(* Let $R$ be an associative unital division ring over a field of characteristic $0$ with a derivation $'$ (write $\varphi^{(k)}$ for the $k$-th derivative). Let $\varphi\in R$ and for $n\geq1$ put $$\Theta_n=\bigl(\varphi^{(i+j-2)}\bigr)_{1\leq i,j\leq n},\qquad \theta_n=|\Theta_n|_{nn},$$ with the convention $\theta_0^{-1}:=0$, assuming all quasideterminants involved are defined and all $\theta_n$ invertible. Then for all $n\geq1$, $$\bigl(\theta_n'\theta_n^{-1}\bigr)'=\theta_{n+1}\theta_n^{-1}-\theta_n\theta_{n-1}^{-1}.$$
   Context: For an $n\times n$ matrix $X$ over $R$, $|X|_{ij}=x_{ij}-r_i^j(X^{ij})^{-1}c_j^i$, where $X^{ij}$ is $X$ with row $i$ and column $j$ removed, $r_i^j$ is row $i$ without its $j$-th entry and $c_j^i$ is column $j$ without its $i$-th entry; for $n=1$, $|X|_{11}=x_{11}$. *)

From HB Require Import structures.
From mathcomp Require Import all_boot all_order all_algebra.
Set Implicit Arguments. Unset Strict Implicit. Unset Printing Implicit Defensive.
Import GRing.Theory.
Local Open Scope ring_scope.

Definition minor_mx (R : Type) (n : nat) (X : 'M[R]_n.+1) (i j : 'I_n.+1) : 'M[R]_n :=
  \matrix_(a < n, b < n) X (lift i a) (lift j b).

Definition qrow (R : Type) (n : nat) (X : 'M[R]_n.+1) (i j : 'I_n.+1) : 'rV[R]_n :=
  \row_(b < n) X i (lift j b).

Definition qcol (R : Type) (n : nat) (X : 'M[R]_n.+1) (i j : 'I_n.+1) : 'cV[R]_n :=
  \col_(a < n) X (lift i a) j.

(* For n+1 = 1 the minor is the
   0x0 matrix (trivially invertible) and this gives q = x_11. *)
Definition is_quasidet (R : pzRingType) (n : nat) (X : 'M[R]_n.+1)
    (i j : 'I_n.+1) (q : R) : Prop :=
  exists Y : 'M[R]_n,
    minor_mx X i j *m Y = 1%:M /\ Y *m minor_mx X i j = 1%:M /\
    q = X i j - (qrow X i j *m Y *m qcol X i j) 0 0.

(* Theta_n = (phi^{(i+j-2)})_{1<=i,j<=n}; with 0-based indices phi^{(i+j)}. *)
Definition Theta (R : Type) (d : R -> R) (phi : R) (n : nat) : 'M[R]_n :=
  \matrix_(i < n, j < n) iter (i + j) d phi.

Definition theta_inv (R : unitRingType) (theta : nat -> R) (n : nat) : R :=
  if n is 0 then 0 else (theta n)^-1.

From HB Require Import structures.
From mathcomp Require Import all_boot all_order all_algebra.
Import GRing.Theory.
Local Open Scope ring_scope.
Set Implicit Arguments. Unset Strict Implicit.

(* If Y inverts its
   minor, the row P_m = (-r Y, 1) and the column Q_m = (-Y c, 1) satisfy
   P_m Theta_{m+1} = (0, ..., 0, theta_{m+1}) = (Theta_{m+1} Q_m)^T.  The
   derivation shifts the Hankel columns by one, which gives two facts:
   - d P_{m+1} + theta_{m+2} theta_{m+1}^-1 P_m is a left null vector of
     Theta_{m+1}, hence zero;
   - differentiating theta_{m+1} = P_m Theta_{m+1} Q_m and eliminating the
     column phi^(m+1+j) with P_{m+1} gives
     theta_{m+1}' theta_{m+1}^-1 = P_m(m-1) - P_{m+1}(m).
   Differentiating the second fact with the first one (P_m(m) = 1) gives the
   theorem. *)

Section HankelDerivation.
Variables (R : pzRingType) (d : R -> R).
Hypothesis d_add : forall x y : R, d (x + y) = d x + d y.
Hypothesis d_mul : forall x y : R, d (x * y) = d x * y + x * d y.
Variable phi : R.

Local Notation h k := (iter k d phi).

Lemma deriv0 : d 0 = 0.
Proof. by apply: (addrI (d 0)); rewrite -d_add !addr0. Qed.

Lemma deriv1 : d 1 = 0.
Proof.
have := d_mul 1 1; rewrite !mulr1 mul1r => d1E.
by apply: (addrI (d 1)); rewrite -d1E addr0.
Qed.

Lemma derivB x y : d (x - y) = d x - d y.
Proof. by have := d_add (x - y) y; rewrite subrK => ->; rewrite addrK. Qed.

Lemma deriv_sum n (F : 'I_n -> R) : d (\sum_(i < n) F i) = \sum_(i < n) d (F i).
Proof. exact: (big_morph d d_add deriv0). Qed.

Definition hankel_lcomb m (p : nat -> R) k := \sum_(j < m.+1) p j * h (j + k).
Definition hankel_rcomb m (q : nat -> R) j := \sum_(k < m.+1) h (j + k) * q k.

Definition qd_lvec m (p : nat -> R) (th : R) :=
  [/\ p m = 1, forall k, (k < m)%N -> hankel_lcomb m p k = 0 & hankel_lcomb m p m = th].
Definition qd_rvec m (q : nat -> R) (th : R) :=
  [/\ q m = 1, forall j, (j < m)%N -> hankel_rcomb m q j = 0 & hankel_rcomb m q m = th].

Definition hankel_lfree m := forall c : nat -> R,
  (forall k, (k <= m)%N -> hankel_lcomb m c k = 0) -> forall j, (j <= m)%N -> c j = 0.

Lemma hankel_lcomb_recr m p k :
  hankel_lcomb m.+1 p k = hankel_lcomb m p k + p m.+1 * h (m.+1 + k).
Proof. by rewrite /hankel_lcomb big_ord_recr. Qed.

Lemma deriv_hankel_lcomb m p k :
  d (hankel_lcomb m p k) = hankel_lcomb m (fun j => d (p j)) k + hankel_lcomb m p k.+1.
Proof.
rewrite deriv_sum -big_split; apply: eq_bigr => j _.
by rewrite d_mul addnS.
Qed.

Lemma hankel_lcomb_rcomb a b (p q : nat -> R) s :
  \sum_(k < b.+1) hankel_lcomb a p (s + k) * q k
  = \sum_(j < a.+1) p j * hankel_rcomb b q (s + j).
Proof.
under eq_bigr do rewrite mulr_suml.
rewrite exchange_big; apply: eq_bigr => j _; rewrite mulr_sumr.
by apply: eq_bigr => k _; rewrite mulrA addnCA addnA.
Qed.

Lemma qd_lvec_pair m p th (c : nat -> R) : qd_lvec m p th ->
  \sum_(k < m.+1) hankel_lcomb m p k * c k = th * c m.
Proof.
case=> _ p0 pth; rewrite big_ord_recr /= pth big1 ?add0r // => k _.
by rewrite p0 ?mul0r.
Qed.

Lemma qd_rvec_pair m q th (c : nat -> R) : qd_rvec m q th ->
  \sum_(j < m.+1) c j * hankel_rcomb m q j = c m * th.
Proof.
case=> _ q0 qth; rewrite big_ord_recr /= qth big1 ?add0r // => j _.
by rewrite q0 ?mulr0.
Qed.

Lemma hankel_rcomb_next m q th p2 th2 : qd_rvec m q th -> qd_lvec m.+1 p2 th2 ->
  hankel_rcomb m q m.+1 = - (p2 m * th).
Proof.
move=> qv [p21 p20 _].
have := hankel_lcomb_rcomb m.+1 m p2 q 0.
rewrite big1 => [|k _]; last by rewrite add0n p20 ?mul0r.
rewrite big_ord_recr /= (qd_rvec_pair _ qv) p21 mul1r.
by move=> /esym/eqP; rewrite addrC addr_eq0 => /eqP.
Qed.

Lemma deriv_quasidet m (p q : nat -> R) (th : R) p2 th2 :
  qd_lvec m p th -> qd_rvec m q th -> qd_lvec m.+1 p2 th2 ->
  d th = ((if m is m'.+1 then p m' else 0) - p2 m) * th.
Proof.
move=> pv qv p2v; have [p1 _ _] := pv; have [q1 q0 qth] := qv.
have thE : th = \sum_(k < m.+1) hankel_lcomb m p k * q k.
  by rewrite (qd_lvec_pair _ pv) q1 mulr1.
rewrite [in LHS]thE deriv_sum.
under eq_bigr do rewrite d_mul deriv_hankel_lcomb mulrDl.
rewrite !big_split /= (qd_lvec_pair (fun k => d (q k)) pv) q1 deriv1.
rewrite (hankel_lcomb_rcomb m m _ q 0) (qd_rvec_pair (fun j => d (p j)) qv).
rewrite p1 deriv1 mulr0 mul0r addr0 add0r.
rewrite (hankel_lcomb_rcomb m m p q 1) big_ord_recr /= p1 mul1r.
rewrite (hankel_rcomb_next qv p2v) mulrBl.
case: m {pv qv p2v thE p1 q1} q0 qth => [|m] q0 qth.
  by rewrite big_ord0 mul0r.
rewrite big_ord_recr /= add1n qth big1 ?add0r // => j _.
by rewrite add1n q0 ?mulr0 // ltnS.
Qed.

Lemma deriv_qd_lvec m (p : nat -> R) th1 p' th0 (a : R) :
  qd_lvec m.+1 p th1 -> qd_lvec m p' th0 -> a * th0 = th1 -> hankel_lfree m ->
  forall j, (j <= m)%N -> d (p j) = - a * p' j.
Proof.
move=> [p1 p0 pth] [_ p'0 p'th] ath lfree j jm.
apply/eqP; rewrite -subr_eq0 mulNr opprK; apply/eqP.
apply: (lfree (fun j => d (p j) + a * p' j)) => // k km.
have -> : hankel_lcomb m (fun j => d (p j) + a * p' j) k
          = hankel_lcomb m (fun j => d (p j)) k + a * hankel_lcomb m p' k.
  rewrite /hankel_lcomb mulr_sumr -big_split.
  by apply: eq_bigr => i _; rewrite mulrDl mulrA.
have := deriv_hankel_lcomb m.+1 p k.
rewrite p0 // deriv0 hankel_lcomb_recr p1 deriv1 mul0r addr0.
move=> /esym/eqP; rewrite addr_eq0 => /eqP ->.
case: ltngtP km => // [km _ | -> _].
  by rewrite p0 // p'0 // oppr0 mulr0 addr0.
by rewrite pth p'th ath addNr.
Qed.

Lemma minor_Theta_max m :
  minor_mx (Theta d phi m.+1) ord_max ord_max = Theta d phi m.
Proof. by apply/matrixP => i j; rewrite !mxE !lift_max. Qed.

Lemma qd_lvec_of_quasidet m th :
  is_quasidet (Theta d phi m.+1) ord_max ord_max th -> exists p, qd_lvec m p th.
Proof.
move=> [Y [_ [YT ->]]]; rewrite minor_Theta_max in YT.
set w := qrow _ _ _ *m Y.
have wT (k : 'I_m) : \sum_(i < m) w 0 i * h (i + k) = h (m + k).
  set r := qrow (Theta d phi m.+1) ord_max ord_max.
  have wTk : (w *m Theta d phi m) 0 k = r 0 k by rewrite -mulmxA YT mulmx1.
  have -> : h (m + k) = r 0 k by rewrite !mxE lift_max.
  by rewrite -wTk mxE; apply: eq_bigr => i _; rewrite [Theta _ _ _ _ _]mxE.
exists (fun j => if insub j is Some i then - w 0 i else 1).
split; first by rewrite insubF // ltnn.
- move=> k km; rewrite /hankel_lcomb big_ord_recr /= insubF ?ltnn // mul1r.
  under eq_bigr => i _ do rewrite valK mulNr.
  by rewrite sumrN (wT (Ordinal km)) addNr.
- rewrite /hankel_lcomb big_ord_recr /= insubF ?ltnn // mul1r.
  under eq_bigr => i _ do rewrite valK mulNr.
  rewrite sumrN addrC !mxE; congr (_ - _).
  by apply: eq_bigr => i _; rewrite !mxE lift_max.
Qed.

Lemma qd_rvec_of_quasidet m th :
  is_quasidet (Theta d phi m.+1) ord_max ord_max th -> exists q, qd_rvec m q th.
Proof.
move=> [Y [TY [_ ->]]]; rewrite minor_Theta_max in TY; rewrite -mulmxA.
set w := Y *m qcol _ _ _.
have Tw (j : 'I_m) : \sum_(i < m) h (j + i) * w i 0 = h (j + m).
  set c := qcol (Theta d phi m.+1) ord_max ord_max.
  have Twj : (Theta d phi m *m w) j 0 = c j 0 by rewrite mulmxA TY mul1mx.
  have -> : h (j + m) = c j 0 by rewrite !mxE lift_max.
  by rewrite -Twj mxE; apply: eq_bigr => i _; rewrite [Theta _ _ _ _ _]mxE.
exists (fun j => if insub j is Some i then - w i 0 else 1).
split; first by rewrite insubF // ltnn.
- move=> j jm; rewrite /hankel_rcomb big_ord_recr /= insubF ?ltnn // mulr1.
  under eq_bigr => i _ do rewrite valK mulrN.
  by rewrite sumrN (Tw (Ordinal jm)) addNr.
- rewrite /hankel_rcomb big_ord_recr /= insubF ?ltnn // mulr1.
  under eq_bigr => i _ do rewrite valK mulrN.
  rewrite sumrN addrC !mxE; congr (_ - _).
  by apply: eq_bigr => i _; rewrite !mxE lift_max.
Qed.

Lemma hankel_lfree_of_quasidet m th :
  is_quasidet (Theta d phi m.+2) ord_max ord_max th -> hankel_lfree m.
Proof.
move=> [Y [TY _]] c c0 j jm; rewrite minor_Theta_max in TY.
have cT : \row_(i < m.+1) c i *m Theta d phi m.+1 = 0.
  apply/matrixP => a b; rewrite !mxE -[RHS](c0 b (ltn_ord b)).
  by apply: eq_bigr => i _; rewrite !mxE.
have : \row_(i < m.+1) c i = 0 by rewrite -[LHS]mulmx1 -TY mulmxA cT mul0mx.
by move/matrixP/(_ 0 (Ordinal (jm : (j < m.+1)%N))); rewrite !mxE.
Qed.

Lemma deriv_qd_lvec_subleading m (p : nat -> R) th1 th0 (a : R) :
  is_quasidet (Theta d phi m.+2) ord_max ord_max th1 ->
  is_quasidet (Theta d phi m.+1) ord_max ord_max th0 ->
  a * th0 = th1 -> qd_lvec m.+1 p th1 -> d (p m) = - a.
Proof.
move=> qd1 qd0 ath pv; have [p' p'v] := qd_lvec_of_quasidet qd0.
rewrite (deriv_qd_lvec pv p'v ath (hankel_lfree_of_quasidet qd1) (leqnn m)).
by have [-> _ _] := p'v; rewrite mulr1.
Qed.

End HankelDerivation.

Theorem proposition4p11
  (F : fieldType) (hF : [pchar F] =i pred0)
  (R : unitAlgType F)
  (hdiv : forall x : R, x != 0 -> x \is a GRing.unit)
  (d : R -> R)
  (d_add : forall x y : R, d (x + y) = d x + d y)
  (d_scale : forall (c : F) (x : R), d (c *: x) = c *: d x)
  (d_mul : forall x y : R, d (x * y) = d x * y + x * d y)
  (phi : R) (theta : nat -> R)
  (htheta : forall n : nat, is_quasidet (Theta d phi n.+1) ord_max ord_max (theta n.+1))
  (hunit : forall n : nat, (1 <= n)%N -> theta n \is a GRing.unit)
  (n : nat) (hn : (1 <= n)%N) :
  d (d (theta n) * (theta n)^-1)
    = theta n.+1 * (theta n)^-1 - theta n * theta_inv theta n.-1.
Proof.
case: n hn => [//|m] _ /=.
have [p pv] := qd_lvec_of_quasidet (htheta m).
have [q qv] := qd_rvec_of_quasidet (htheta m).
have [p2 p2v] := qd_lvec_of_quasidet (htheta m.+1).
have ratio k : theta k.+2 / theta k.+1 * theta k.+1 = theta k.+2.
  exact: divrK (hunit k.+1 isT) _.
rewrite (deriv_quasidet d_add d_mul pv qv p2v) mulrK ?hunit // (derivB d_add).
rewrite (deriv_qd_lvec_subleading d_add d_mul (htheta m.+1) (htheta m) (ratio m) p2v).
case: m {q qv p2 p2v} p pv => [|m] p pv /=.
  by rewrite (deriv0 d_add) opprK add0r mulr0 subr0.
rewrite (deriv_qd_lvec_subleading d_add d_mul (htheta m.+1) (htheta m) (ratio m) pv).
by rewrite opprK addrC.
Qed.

......

* _Problem statement_
Some lines above contain the word "Arguments". Copy each of them.

* _Finished task_
Set Implicit Arguments. Unset Strict Implicit. Unset Printing Implicit Defensive.
Set Implicit Arguments. Unset Strict Implicit.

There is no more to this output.